In case it helps: in the shell I do not see a spark.authenticate option set when I execute:

sc.getConf.getAll.foreach(println)

See: http://spark.apache.org/docs/latest/security.html

I have very little experience with Kerberos, so any help is greatly appreciated.

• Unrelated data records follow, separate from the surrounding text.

(* Let $\vec{\mathcal{X}}=(\mathcal{X}_0,\mathcal{X}_1)$ be a couple of rotation invariant pseudolattices and let $\vec B=(B_0,B_1)$ be a complex Banach couple. Then for every $s\in\mathbb{A}$: (i) if $f\in\mathcal{F}_{\vec{\mathcal{X}}}(\vec B)$, then $f(s)\in\vec B_{\vec{\mathcal{X}},|s|}$; (ii) if $x\in\vec B_{\vec{\mathcal{X}},|s|}$, then there exists $f\in\mathcal{F}_{\vec{\mathcal{X}}}(\vec B)$ with $f(s)=x$; (iii) $\vec B_{\vec{\mathcal{X}},s}=\vec B_{\vec{\mathcal{X}},|s|}$ with equality of norms.
   Context: A pseudolattice $\mathcal{X}$ assigns to every complex Banach space $B$ a Banach space $\mathcal{X}(B)$ of two-sided sequences $\{b_n\}_{n\in\mathbb{Z}}$ in $B$ such that: if $A$ is a closed subspace of $B$ then $\mathcal{X}(A)$ is a closed subspace of $\mathcal{X}(B)$; there is $C=C(\mathcal X)>0$ with $\|\{Ta_n\}\|_{\mathcal{X}(B)}\le C\|T\|_{A\to B}\|\{a_n\}\|_{\mathcal{X}(A)}$ for all bounded linear $T:A\to B$ and $\{a_n\}\in\mathcal X(A)$; and $\|b_m\|_B\le\|\{b_n\}\|_{\mathcal{X}(B)}$ for all $m$. A couple $(\mathcal X_0,\mathcal X_1)$ is rotation invariant if for every real $\tau$ and every Banach space $B$ the map $\{b_n\}\mapsto\{e^{in\tau}b_n\}$ is an isometry of $\mathcal X_j(B)$ onto itself, $j=0,1$. For a Banach couple $\vec B=(B_0,B_1)$, $\mathcal{J}(\vec{\mathcal{X}},\vec B)$ is the Banach space of sequences $\{b_n\}_{n\in\mathbb Z}\subset B_0\cap B_1$ with $\{b_n\}\in\mathcal{X}_0(B_0)$ and $\{e^nb_n\}\in\mathcal{X}_1(B_1)$, normed by $\max\{\|\{b_n\}\|_{\mathcal{X}_0(B_0)},\|\{e^nb_n\}\|_{\mathcal{X}_1(B_1)}\}$. Let $\mathbb{A}=\{z\in\mathbb{C}:1<|z|<e\}$. For $s\in\mathbb{A}$, $\vec B_{\vec{\mathcal{X}},s}$ is the space of all $b=\sum_{n\in\mathbb Z}s^nb_n$ (convergence in $B_0+B_1$) with $\{b_n\}\in\mathcal{J}(\vec{\mathcal{X}},\vec B)$, normed by the infimum of $\|\{b_n\}\|_{\mathcal J(\vec{\mathcal X},\vec B)}$ over all such representations. $\mathcal{F}_{\vec{\mathcal{X}}}(\vec B)$ denotes the Banach space of analytic functions $f:\mathbb{A}\to B_0+B_1$ of the form $f(z)=\sum_{n\in\mathbb Z}z^nb_n$ with $\{b_n\}\in\mathcal{J}(\vec{\mathcal{X}},\vec B)$, normed by $\|f\|=\|\{b_n\}\|_{\mathcal{J}(\vec{\mathcal{X}},\vec B)}$. *)

From Stdlib Require Import Reals ZArith.
From Coquelicot Require Import Coquelicot.
Open Scope R_scope.
(* Let $a_1,\dots,a_m\in\{0,1\}^n$ and $\epsilon_1,\dots,\epsilon_m\in\{0,1\}$, and consider the system of $\mathbb{F}_2$-linear equations $a_j\cdot b=\epsilon_j$ ($1\le j\le m$) in the unknown $b\in\{0,1\}^n$. Run the Triangular Basis Algorithm, with dimension $n+1$, on the vectors $x_j=a_j\Vert\epsilon_j\in\{0,1\}^{n+1}$. Then the system has a solution if and only if $av_{n+1}=1$ at the end of the algorithm.
   Context: All arithmetic is over $\mathbb{F}_2$ ($+$ is XOR, $\wedge$ is AND, $\cdot$ is the standard dot product). For a vector $v\in\{0,1\}^N$, $v[i]$ is its $i$-th bit and $v[a..b]$ the substring of bits $a$ through $b$ (empty if $a>b$); $\Vert$ is concatenation. Triangular Basis Algorithm (for vectors of length $N$). Input: $x_1,\dots,x_m\in\{0,1\}^N$ (modified in place). Auxiliary variables: bits $\mathrm{used}_j$ ($1\le j\le m$) initialized to $0$; bits $av_i$ ($1\le i\le N$) initialized to $1$; strings $b_i[(i+1)..N]$ ($1\le i\le N$) initialized to all zeros. The algorithm executes, for $i=1,\dots,N$ (outer loop) and, inside it, for $j=1,\dots,m$ (inner loop), the following four steps in order (iteration $(i,j)$): (1) $\mathrm{used}_j \leftarrow \mathrm{used}_j + (x_j[i]\wedge av_i)$; (2) $av_i\leftarrow av_i + (x_j[i]\wedge \mathrm{used}_j)$ (using the value of $\mathrm{used}_j$ just updated); (3) if $\mathrm{used}_j=1$: $b_i[(i+1)..N]\leftarrow b_i[(i+1)..N]+x_j[(i+1)..N]$; (4) if $x_j[i]=1$: $x_j[(i+1)..N]\leftarrow x_j[(i+1)..N]+b_i[(i+1)..N]$. *)

(* F_2 is modelled by bool: + is xor (addb), wedge is andb. *)
From mathcomp Require Import all_boot.
Set Implicit Arguments. Unset Strict Implicit. Unset Printing Implicit Defensive.
Lemma wnorm2_marginal p k (P : 'M[R]_p) (Q : 'M[R]_k) (A : 'M[R]_(k, p)) xh r :
  spd P -> spd Q ->
  is_min_of (fun _ => True) (fun v => wnorm2 P (v - xh) + wnorm2 Q (r - A *m v))
    (wnorm2 (A *m P *m A^T + Q) (r - A *m xh)).
Proof.
move=> hP hQ; set G := A *m P *m A^T + Q.
have hG : spd G by exact: spd_congrD.
have uG := spd_unit hG; have uP := spd_unit hP; have uQ := spd_unit hQ.
pose g := invmx G *m (r - A *m xh).
have Gg : G *m g = r - A *m xh by rewrite mulmxA mulmxV // mul1mx.
clearbody g.
pose vs := xh + P *m A^T *m g.
have res1 : 1%:M *m vs - xh = P *m (A^T *m g).
  by rewrite mul1mx /vs (addrC xh) addrK mulmxA.
have res2 : A *m vs - r = - (Q *m g).
  have rE : r = A *m xh + A *m P *m A^T *m g + Q *m g.
    by rewrite -addrA -mulmxDl -/G Gg addrC subrK.
  by rewrite /vs rE mulmxDr !mulmxA opprD addrA subrr add0r.
have objE v : wnorm2 P (v - xh) + wnorm2 Q (r - A *m v)
    = lsq2 1%:M (invmx P) xh A (invmx Q) r v.
  by rewrite /lsq2 mul1mx -(bformNN _ (A *m v - r)) opprB.
have valE : lsq2 1%:M (invmx P) xh A (invmx Q) r vs = wnorm2 G (r - A *m xh).
  rewrite /lsq2 res1 res2 bformNN !bform_mulV ?hP.1 ?hQ.1 // -Gg wnorm2E.
  by rewrite bform_mulV ?hG.1 // /G bformDW -bform_congr trmxK.
have grad0 : (1%:M)^T *m invmx P *m (1%:M *m vs - xh)
    + A^T *m invmx Q *m (A *m vs - r) = 0.
  rewrite res1 res2 trmx1 mul1mx (mulmxA (invmx P)) mulVmx // mul1mx.
  by rewrite mulmxN -mulmxA (mulmxA (invmx Q)) mulVmx // mul1mx subrr.
have sPi : (invmx P)^T = invmx P by rewrite trmx_inv hP.1.
have sQi : (invmx Q)^T = invmx Q by rewrite trmx_inv hQ.1.
clearbody vs; split; first by exists vs; rewrite objE valE.
move=> v _; rewrite objE -valE -(subrKC vs v) lsq2_critical //.
rewrite lerDl bformDW !bform_congr.
by rewrite addr_ge0 // spd_ge0 //; apply: spd_inv.
Qed.

Lemma wnorm2_fusion p a b (M1 : 'M[R]_(a, p)) (S1 : 'M[R]_a) c1
    (M2 : 'M[R]_(b, p)) (S2 : 'M[R]_b) c2 v :
  spd S1 -> spd S2 -> \rank (col_mx M1 M2) = p ->
  let P := invmx (M1^T *m invmx S1 *m M1 + M2^T *m invmx S2 *m M2) in
  let xh := P *m M2^T *m invmx S2 *m c2 + P *m M1^T *m invmx S1 *m c1 in
  wnorm2 S1 (M1 *m v - c1) + wnorm2 S2 (c2 - M2 *m v)
  = wnorm2 P (v - xh) + (wnorm2 S1 (M1 *m xh - c1) + wnorm2 S2 (c2 - M2 *m xh)).
Proof.
move=> hS1 hS2 rkM P xh.
pose M := M1^T *m invmx S1 *m M1 + M2^T *m invmx S2 *m M2.
have uM : M \in unitmx := spd_unit (spd_info hS1 hS2 rkM).
have sW1 : (invmx S1)^T = invmx S1 by rewrite trmx_inv hS1.1.
have sW2 : (invmx S2)^T = invmx S2 by rewrite trmx_inv hS2.1.
have objE w : wnorm2 S1 (M1 *m w - c1) + wnorm2 S2 (c2 - M2 *m w)
    = lsq2 M1 (invmx S1) c1 M2 (invmx S2) c2 w.
  by rewrite /lsq2 -(bformNN _ (M2 *m w - c2)) opprB.
have grad0 : M1^T *m invmx S1 *m (M1 *m xh - c1)
    + M2^T *m invmx S2 *m (M2 *m xh - c2) = 0.
  have MxhE : M *m xh = M2^T *m invmx S2 *m c2 + M1^T *m invmx S1 *m c1.
    by rewrite /xh /P !mulmxDr !mulmxA mulmxV // !mul1mx.
  rewrite !mulmxBr !mulmxA addrACA -mulmxDl -/M MxhE.
  by rewrite -opprD [X in - X]addrC subrr.
clearbody xh; rewrite !objE -[in LHS](subrKC xh v) lsq2_critical //.
by rewrite wnorm2E /P invmxK addrC.
Qed.

End QuadraticForms.

Section KalmanArrivalCost.
Variables (R : realFieldType) (n n1 m q : nat).
Variables (E A : 'M[R]_(n1, n)) (B : 'M[R]_(n1, q)) (H : 'M[R]_(m, n)).
Variables (P0 : 'M[R]_n) (Q : 'M[R]_n1) (Rm : 'M[R]_m).
Variables (xbar0 : 'cV[R]_n) (u : nat -> 'cV[R]_q) (y : nat -> 'cV[R]_m).
Hypotheses (rkEH : \rank (col_mx E H) = n) (hP0 : spd P0) (hQ : spd Q) (hR : spd Rm).

Local Notation Pp := (Pplus E A B H P0 Q Rm xbar0 u y).
Local Notation Pm := (Pminus E A B H P0 Q Rm xbar0 u y).
Local Notation xh := (xhat E A B H P0 Q Rm xbar0 u y).
Local Notation J := (J_T E A B H P0 Q Rm xbar0 u y).
(* The posterior objective: J_k plus the measurement term of y_k. *)
Local Notation Jplus k := (Jhat_obj E A B H P0 Q Rm xbar0 u y k.+1).

Definition zpred j := A *m xh j + B *m u j.

Definition prior_cost j c (v : 'cV[R]_n) := wnorm2 (Pm j) (E *m v - zpred j) + c.

Definition post_cost j c (v : 'cV[R]_n) := wnorm2 (Pp j) (v - xh j) + c.

Lemma Pplus_spd k : spd (Pp k).
Proof.
elim: k => [|k IH] //; rewrite /Pplus /=.
by apply/spd_inv/spd_info => //; exact: spd_congrD.
Qed.

Lemma Pminus_spd k : spd (Pm k).
Proof. exact: spd_congrD (Pplus_spd k) hQ. Qed.

Lemma Jplus_J k x : (0 < k)%N ->
  Jplus k x = J k x + wnorm2 Rm (y k - H *m x k).
Proof. by move=> k_gt0; rewrite /Jhat_obj big_nat_recr //= addrA. Qed.

Lemma J_Jplus k x : (0 < k)%N ->
  J k.+1 x = Jplus k x + wnorm2 Q (E *m x k.+1 - A *m x k - B *m u k).
Proof.
by move=> k_gt0; rewrite /J_T /Jhat_obj !big_nat_recr //=; lra.
Qed.

Lemma Jplus_local k : (0 < k)%N -> depends_upto (Jplus k) k.
Proof.
move=> k_gt0 x x' xx'; rewrite /Jhat_obj !xx' //.
congr (_ + _ + _); apply: eq_big_nat => i /andP [i_gt0 ik].
  by rewrite !xx' // ltnW.
by rewrite xx'.
Qed.

Lemma arrival_prior1 : arrival_cost (J 1) 1 (prior_cost 0 0).
Proof.
have J1E x : J 1 x = prior_cost 0 0 (x 1%N).
  by rewrite /J_T !big_geq // !addr0 /prior_cost /zpred addr0 opprD addrA.
move=> v; split; first by exists (fun _ => v); rewrite J1E.
by move=> x <-; rewrite J1E.
Qed.

Lemma fusion_step j v :
  wnorm2 (Pm j) (E *m v - zpred j) + wnorm2 Rm (y j.+1 - H *m v)
  = wnorm2 (Pp j.+1) (v - xh j.+1)
    + (wnorm2 (Pm j) (E *m xh j.+1 - zpred j) + wnorm2 Rm (y j.+1 - H *m xh j.+1)).
Proof. exact: wnorm2_fusion (Pminus_spd j) hR rkEH. Qed.

Lemma arrival_update j c :
  arrival_cost (J j.+1) j.+1 (prior_cost j c) ->
  exists c', arrival_cost (Jplus j.+1) j.+1 (post_cost j.+1 c').
Proof.
move=> hprior.
exists (c + (wnorm2 (Pm j) (E *m xh j.+1 - zpred j)
             + wnorm2 Rm (y j.+1 - H *m xh j.+1))).
apply: (arrival_cost_add (h := fun v => wnorm2 Rm (y j.+1 - H *m v)) hprior).
  by move=> x; exact: Jplus_J.
by move=> v; rewrite /prior_cost /post_cost; have := fusion_step j v; lra.
Qed.

Lemma arrival_predict j c : (0 < j)%N ->
  arrival_cost (Jplus j) j (post_cost j c) ->
  arrival_cost (J j.+1) j.+1 (prior_cost j c).
Proof.
move=> j_gt0 hpost.
apply: (arrival_cost_marginal
  (W := fun w v => wnorm2 Q (E *m w - A *m v - B *m u j)) (Jplus_local j_gt0) hpost).
  by move=> x; exact: J_Jplus.
move=> w; apply: (is_min_of_addr (c := c)
  (wnorm2_marginal A (xh j) (E *m w - B *m u j) (Pplus_spd j) hQ)).
  by move=> v; rewrite /post_cost addrAC [_ - A *m v]addrAC.
by rewrite /prior_cost /zpred addrAC -addrA -opprD.
Qed.

Lemma arrival_prior j : exists c, arrival_cost (J j.+1) j.+1 (prior_cost j c).
Proof.
elim: j => [|j [c hprior]]; first by exists 0; exact: arrival_prior1.
have [c' hpost] := arrival_update hprior.
by exists c'; exact: arrival_predict.
Qed.

Lemma post_cost_min k c :
  arrival_cost (Jplus k) k (post_cost k c) -> is_min_of (fun _ => True) (Jplus k) c.
Proof.
move=> hpost; apply: (arrival_cost_min (v0 := xh k) hpost).
  by rewrite /post_cost subrr wnorm2E bform0r add0r.
by move=> v; rewrite /post_cost lerDr; exact: spd_ge0 (spd_inv (Pplus_spd k)).
Qed.

End KalmanArrivalCost.

Theorem theorem1 (R : realFieldType) (n n1 m q : nat)
  (E A : 'M[R]_(n1, n)) (B : 'M[R]_(n1, q)) (H : 'M[R]_(m, n))
  (P0 : 'M[R]_n) (Q : 'M[R]_n1) (Rm : 'M[R]_m)
  (xbar0 : 'cV[R]_n) (u : nat -> 'cV[R]_q) (y : nat -> 'cV[R]_m) (T : nat) :
  \rank (row_mx E A) = n1 ->
  \rank (col_mx E H) = n ->
  spd P0 -> spd Q -> spd Rm ->
  (2 <= T)%N ->
  exists Jhat : R,
    is_min_of (fun _ => True)
      (Jhat_obj E A B H P0 Q Rm xbar0 u y T) Jhat /\
    forall xT : 'cV[R]_n,
      is_min_of (fun x : nat -> 'cV[R]_n => x T = xT)
        (J_T E A B H P0 Q Rm xbar0 u y T)
        (wnorm2 (Pminus E A B H P0 Q Rm xbar0 u y T.-1)
           (E *m xT - (A *m xhat E A B H P0 Q Rm xbar0 u y T.-1 + B *m u T.-1))
         + Jhat).
Proof.
move=> _ rkEH hP0 hQ hR; case: T => [|[|j]] // _.
have [c hprior] := arrival_prior A B xbar0 u y rkEH hP0 hQ hR j.
have [Jhat hpost] := arrival_update rkEH hP0 hQ hR hprior.
exists Jhat; split; first exact: post_cost_min hpost.
exact: (arrival_predict rkEH hP0 hQ hR (ltn0Sn j) hpost).
Qed.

To enable the Kerberos debug info: `export HADOOP_JAAS_DEBUG=true` plus `-Dsun.security.krb5.debug=true ` — Samson Scharfrichter, Jul 07 '16 at 19:28
https://steveloughran.gitbooks.io/kerberos_and_hadoop/content/sections/secrets.html — Samson Scharfrichter, Jul 07 '16 at 19:29
Do you run Spark in "local" mode? Otherwise the executors may not have a valid Kerberos ticket on the host they are running on, and you must manage the Hadoop auth yourself, cf. http://stackoverflow.com/questions/35332026/issue-scala-code-in-spark-shell-to-retrieve-data-from-hbase/35473941 — Samson Scharfrichter, Jul 07 '16 at 19:35
With debugging enabled I see a bunch of Kerberos tickets being generated but I still get the same error as well as `yarn.ApplicationMaster: User class threw exception: org.apache.phoenix.exception.PhoenixIOException: Failed after attempts=35` caused by `org.apache.hadoop.hbase.MasterNotRunningException: com.google.protobuf.ServiceException: java.io.IOException: Could not set up IO Streams to ...`. I also found [this link](http://bigdatanoob.blogspot.de/2013/09/connect-phoenix-to-secure-hbase-cluster.html) where it seems that Kerberos requires the connection string to be modified. So no kinit? — Ian, Jul 08 '16 at 06:08

score 0 · Answer 1 · answered Jul 07 '16 at 06:38

0

Assuming that your cluster was properly kerberized, initialize your credentials with:

kinit -kt /path/to/keytab/file user/domain@realm

answered Jul 07 '16 at 06:38

kliew

3,073
1
14
25

I did that and I still get the same message. It seems that Phoenix (using the Phoenix/Spark library) does not accept the ticket. I even added the `keytab` and `principal` parameters to Spark. – Ian Jul 07 '16 at 07:14

score 0 · Answer 2 · answered Jul 08 '16 at 08:21

0

I think the reason is that on 4.4 the Phoenix/Spark library does not handle Kerberos principals and keytabs: https://issues.apache.org/jira/browse/PHOENIX-2817.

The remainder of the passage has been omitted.